§ EXERCISE: Your answer should consist of the lines in the following data that contain "Hypothesis".

Dataset entries

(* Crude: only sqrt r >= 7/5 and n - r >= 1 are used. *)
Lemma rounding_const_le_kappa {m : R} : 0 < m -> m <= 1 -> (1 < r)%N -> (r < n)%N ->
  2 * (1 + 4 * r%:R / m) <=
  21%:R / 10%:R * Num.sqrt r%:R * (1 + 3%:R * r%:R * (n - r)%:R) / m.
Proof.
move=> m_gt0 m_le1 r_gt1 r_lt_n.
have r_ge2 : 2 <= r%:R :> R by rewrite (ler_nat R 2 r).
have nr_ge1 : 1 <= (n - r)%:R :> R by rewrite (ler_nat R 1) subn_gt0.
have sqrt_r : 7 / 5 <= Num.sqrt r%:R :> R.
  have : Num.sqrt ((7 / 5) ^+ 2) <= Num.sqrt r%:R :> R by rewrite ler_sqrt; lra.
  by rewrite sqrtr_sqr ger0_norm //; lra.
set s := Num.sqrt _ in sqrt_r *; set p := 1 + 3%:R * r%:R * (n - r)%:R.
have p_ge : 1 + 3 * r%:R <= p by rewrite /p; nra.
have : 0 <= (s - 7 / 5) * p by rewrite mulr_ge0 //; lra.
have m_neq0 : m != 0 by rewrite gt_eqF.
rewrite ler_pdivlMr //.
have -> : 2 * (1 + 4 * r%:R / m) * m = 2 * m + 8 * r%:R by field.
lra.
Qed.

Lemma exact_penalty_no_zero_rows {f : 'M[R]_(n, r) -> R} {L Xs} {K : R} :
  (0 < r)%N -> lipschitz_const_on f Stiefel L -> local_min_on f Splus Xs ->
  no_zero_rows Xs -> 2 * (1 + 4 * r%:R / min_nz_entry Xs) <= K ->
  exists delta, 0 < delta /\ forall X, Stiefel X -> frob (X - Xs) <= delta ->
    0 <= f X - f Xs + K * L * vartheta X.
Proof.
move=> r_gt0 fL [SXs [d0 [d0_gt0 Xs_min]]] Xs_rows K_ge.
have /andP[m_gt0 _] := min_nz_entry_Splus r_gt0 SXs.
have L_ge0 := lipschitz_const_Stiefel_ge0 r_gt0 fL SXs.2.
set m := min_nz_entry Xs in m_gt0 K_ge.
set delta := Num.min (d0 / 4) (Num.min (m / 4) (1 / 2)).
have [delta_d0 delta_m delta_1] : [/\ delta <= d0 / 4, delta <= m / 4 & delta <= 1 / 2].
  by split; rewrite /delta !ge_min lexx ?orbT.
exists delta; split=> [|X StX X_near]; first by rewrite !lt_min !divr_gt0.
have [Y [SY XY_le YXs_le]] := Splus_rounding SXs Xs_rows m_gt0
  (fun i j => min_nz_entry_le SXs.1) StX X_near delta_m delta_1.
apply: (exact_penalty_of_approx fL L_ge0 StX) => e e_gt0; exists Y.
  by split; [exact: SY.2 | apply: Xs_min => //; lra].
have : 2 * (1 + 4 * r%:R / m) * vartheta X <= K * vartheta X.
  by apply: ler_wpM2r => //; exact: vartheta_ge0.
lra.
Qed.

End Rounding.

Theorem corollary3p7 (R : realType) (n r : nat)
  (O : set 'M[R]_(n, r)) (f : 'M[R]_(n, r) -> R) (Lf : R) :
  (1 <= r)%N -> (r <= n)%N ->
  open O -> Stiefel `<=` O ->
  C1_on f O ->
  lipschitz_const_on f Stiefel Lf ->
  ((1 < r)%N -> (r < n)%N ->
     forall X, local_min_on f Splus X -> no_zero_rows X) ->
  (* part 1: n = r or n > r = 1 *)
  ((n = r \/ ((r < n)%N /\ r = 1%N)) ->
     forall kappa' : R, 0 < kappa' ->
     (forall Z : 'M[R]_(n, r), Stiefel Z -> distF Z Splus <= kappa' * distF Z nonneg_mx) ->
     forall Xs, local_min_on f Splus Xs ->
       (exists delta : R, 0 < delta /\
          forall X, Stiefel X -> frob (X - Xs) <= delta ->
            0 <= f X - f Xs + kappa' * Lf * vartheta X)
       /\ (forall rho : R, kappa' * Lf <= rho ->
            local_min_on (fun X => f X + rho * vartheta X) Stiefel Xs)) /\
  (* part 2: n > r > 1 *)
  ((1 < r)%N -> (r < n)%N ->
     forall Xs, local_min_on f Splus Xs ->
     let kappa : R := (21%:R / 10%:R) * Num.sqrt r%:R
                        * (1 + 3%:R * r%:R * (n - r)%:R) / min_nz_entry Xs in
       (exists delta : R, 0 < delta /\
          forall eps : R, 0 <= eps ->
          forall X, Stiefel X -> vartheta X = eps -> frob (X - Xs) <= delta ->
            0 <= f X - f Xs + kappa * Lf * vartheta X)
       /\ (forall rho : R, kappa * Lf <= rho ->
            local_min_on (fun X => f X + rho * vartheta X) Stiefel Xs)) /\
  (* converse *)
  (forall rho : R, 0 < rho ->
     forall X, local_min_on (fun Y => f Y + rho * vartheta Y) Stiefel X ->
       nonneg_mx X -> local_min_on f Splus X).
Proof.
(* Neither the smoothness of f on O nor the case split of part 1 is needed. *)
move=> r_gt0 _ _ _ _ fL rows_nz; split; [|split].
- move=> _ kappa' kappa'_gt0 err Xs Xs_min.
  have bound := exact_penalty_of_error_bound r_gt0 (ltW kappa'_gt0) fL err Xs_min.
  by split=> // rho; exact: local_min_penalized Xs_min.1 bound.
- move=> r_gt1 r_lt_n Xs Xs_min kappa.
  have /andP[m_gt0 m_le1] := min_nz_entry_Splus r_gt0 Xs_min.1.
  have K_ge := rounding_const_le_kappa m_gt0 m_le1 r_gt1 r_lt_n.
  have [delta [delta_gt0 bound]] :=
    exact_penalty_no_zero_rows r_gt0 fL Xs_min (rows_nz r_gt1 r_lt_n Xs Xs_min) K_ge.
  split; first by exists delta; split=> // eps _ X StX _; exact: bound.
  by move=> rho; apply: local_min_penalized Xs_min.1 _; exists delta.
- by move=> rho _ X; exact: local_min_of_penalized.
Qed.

==

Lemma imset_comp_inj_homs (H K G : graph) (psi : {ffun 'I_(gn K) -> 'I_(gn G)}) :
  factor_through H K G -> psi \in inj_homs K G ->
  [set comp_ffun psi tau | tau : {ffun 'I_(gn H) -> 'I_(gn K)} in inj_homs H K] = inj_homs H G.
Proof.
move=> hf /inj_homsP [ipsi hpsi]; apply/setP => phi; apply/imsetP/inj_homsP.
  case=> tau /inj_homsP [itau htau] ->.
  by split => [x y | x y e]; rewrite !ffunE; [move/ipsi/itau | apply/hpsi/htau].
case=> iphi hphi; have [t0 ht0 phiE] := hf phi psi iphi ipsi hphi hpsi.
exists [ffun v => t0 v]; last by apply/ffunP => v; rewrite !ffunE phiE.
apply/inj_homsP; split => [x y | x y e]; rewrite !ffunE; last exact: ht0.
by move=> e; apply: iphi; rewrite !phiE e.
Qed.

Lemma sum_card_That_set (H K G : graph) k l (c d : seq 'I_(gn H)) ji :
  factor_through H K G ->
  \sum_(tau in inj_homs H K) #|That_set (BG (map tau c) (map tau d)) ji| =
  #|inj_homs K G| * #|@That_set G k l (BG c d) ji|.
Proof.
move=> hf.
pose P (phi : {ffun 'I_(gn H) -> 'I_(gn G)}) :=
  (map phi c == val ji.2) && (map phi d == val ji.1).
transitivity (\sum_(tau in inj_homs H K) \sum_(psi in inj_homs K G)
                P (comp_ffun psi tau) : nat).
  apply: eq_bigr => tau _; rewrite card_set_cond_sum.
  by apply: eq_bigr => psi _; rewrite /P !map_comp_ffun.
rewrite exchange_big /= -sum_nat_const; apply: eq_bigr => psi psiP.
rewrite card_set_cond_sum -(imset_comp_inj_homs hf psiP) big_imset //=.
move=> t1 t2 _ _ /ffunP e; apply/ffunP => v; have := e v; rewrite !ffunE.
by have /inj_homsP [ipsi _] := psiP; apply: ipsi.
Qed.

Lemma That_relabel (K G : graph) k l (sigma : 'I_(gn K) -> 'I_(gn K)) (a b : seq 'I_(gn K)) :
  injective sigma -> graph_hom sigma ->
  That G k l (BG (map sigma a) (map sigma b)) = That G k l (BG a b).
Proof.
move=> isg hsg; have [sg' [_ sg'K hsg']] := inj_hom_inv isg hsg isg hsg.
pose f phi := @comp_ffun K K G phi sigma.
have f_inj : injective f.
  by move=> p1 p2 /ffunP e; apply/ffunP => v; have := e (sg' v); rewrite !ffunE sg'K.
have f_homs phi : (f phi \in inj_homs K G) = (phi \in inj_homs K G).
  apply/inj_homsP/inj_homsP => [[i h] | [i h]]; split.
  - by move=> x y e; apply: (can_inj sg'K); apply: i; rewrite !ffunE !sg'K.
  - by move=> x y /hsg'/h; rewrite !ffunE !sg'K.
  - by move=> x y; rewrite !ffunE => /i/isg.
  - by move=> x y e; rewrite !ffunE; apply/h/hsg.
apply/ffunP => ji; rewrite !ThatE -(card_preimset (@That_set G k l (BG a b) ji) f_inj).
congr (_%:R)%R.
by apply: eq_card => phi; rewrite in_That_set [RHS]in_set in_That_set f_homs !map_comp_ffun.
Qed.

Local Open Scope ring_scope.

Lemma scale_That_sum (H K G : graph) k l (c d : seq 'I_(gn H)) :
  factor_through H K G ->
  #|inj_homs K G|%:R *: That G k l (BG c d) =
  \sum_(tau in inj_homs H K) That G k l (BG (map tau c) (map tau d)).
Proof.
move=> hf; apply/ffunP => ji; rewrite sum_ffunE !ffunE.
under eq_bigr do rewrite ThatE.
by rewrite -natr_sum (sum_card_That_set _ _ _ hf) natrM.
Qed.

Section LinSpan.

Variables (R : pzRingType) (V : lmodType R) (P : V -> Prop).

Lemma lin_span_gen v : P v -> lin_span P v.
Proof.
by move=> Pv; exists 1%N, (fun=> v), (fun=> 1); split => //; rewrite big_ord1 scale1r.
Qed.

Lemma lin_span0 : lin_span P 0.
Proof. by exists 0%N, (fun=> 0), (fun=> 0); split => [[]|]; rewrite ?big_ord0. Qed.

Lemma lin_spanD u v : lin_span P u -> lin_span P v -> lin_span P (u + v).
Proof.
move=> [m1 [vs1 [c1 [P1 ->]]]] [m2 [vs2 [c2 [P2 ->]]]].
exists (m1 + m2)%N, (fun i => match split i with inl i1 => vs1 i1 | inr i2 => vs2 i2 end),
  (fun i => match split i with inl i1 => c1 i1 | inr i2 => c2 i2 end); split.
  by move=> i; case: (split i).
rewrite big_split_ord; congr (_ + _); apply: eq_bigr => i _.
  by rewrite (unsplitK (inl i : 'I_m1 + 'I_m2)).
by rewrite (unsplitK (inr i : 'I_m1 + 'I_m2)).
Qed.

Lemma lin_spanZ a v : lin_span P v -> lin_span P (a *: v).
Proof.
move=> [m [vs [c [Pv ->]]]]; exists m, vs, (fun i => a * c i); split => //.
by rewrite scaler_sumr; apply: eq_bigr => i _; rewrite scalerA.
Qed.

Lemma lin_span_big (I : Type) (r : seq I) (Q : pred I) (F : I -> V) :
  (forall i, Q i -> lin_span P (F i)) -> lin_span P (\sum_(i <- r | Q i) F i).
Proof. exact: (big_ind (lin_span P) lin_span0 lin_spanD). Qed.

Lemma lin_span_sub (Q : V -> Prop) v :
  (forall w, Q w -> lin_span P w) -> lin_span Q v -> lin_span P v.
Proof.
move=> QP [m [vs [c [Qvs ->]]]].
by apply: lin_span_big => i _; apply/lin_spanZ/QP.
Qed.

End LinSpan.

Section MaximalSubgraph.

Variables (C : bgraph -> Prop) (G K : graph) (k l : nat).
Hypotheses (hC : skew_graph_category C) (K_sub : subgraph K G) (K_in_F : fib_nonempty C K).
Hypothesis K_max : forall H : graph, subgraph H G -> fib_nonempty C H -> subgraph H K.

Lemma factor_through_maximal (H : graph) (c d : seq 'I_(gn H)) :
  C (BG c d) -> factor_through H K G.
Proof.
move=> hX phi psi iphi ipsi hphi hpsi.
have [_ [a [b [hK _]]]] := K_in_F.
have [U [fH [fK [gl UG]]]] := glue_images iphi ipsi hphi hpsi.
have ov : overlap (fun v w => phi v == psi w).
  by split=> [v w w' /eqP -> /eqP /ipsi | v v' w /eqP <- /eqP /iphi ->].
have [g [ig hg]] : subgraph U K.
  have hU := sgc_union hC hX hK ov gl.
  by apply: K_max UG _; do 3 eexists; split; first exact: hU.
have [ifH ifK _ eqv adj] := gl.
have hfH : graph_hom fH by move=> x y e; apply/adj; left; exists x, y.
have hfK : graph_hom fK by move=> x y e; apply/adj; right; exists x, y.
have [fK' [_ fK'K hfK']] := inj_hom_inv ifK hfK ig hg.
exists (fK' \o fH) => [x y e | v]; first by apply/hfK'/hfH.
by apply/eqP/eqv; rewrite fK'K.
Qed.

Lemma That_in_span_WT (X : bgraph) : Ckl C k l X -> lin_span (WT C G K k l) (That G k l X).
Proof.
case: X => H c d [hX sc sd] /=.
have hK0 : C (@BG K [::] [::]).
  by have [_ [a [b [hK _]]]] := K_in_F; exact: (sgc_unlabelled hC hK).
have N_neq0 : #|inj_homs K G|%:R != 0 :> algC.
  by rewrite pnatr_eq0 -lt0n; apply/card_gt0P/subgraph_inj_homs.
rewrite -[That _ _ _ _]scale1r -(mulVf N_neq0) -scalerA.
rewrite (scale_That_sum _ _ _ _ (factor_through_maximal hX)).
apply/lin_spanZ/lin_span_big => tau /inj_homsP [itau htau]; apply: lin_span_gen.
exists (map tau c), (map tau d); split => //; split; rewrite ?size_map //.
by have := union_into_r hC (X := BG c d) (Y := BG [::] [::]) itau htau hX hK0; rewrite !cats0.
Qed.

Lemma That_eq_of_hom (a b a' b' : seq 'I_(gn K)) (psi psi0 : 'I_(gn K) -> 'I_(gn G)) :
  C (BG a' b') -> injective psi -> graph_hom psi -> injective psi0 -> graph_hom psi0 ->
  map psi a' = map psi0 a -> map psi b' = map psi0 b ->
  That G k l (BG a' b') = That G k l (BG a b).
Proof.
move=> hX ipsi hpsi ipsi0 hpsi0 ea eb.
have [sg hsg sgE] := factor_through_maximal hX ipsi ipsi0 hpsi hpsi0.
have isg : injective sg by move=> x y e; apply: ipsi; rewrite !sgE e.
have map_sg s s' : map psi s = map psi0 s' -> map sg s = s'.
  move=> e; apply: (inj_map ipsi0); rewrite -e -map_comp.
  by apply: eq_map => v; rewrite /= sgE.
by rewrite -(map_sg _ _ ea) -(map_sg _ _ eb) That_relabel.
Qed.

* * *

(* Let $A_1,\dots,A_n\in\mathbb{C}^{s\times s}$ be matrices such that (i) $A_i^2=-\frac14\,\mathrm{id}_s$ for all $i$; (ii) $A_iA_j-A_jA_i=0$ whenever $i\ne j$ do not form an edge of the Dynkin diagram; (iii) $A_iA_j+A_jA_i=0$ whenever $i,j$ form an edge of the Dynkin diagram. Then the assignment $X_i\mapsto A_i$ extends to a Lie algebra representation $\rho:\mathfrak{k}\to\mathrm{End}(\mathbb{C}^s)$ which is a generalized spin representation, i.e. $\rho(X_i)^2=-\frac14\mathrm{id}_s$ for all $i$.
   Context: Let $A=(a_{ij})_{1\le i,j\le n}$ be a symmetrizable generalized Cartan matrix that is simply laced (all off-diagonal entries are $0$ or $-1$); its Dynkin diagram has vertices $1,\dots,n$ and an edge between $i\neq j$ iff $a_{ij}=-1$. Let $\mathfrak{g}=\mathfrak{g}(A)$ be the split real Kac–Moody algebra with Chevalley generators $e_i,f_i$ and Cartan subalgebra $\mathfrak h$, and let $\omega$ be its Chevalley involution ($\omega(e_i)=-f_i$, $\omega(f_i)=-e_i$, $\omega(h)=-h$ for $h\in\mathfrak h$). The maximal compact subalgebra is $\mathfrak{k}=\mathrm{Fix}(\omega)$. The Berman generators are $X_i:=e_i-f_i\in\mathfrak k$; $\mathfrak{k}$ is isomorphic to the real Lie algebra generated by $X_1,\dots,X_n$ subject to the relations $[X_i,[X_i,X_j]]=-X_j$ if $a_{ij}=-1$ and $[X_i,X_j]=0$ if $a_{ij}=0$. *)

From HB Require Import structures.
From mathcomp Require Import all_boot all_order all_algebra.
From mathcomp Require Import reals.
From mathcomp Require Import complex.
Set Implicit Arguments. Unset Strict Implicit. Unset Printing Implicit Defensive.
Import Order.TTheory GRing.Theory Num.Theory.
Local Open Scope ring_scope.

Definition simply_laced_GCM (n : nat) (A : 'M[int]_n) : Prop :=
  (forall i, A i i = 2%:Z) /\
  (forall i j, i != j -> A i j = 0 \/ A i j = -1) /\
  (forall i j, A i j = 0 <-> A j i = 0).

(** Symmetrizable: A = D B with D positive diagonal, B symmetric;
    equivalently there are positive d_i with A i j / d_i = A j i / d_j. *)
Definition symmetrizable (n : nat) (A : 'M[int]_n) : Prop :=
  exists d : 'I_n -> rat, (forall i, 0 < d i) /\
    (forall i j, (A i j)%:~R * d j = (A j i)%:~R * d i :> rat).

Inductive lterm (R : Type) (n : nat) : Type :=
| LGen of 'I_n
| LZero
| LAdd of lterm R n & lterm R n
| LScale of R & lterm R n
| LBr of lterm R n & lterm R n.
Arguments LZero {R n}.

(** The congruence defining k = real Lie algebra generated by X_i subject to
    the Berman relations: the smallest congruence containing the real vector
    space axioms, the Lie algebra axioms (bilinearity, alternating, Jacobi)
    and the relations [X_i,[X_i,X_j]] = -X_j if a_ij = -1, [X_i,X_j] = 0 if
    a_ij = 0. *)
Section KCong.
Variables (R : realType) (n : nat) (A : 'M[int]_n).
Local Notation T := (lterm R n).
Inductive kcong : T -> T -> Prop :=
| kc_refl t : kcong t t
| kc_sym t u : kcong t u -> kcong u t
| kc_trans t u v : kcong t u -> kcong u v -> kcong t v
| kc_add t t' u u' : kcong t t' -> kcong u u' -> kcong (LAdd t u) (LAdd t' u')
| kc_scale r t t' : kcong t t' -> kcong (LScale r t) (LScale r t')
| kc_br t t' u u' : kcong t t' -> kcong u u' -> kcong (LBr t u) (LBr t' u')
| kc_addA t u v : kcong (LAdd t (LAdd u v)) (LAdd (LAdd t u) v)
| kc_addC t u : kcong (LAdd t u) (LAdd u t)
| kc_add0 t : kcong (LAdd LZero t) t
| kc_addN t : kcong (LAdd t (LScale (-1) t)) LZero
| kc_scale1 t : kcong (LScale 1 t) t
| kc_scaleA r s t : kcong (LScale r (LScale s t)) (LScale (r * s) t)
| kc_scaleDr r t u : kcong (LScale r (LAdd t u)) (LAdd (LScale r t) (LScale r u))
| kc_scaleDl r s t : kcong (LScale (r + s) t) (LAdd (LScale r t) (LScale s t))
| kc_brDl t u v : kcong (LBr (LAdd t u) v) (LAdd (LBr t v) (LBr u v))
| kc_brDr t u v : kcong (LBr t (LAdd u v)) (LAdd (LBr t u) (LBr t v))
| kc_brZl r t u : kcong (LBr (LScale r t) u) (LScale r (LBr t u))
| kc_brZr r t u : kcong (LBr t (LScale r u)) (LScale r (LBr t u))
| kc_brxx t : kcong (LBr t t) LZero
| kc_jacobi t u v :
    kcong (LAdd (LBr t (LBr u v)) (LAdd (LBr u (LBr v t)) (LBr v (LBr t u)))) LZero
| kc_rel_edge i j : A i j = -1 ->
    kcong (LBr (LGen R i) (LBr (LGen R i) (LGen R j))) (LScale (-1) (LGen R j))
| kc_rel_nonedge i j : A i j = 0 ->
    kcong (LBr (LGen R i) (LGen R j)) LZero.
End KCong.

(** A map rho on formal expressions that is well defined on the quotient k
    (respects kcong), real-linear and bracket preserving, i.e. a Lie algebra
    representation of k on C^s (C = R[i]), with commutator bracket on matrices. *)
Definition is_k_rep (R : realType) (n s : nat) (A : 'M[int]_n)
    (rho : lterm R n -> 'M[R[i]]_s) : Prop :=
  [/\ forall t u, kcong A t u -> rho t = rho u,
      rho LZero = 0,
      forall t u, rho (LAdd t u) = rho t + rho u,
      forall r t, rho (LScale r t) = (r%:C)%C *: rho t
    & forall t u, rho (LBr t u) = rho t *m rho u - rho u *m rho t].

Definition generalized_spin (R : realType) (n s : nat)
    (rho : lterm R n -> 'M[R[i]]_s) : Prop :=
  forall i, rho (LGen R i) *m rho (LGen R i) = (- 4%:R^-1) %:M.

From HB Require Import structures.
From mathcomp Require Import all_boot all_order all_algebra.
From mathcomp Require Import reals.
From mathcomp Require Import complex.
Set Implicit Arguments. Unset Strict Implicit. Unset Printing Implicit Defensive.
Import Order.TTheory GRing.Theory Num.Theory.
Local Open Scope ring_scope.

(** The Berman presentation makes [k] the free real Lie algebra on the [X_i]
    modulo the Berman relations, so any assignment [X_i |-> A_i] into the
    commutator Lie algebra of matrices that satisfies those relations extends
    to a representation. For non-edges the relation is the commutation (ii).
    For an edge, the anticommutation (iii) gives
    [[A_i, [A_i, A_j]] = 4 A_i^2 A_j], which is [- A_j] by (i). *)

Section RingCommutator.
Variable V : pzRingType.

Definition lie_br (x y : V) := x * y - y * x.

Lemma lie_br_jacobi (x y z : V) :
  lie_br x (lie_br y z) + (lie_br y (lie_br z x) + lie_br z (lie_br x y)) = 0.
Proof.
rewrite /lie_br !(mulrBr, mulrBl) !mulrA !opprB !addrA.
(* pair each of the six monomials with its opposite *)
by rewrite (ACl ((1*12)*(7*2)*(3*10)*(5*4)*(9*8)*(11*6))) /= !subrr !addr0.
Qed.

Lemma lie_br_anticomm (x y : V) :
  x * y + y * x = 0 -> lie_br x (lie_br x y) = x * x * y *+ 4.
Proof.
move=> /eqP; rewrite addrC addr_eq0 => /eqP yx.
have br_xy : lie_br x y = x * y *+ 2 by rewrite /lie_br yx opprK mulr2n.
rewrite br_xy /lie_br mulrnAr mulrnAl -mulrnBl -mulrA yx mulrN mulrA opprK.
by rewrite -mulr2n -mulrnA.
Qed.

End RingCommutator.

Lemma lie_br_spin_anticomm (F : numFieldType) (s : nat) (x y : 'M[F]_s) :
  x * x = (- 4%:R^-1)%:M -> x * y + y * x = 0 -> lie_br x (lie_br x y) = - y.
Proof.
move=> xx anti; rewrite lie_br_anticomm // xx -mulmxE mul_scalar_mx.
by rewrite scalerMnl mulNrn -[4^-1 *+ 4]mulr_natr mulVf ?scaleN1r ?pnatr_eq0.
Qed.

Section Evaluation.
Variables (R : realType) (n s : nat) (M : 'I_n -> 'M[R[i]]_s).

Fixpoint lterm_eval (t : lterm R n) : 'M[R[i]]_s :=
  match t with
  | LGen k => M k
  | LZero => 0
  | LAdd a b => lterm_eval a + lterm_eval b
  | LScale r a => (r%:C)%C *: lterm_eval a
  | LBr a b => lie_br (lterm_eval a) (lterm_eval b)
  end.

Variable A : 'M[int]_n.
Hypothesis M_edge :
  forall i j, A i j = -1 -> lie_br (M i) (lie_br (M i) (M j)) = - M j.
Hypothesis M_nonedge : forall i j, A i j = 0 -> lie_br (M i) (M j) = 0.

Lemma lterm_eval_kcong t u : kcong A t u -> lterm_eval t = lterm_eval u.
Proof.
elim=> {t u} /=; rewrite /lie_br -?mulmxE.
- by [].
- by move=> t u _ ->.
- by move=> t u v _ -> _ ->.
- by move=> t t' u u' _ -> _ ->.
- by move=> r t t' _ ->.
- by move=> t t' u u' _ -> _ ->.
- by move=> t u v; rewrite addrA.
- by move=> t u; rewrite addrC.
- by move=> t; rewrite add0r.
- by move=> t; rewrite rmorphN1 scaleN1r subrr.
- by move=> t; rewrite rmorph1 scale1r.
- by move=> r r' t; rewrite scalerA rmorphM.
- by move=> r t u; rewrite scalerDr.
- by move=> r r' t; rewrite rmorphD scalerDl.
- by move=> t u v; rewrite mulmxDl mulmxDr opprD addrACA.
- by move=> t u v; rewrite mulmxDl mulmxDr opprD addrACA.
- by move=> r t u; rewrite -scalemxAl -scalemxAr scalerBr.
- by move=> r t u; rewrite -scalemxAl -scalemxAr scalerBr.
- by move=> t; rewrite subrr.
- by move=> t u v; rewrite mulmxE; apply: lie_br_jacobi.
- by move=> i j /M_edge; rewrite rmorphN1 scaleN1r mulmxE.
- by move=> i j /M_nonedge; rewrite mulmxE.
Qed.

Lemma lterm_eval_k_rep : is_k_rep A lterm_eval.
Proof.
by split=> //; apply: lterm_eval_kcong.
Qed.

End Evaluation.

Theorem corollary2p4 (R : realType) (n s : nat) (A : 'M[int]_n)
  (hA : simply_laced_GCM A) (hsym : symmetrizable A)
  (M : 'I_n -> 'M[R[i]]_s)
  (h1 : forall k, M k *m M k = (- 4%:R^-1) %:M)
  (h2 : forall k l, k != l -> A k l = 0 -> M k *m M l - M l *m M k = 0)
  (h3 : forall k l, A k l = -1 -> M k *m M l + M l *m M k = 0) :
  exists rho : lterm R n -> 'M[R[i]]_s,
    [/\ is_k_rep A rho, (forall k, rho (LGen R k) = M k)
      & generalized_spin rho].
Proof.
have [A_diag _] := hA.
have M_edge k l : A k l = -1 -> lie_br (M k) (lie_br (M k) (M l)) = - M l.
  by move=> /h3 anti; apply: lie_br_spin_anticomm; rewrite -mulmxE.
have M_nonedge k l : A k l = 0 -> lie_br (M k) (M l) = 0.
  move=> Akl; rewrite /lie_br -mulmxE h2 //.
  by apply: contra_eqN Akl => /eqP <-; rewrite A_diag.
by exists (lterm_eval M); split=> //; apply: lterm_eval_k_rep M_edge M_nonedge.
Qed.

§ REPLY:
Hypothesis K_max : forall H : graph, subgraph H G -> fib_nonempty C H -> subgraph H K.
Hypothesis M_edge :
Hypothesis M_nonedge : forall i j, A i j = 0 -> lie_br (M i) (M j) = 0.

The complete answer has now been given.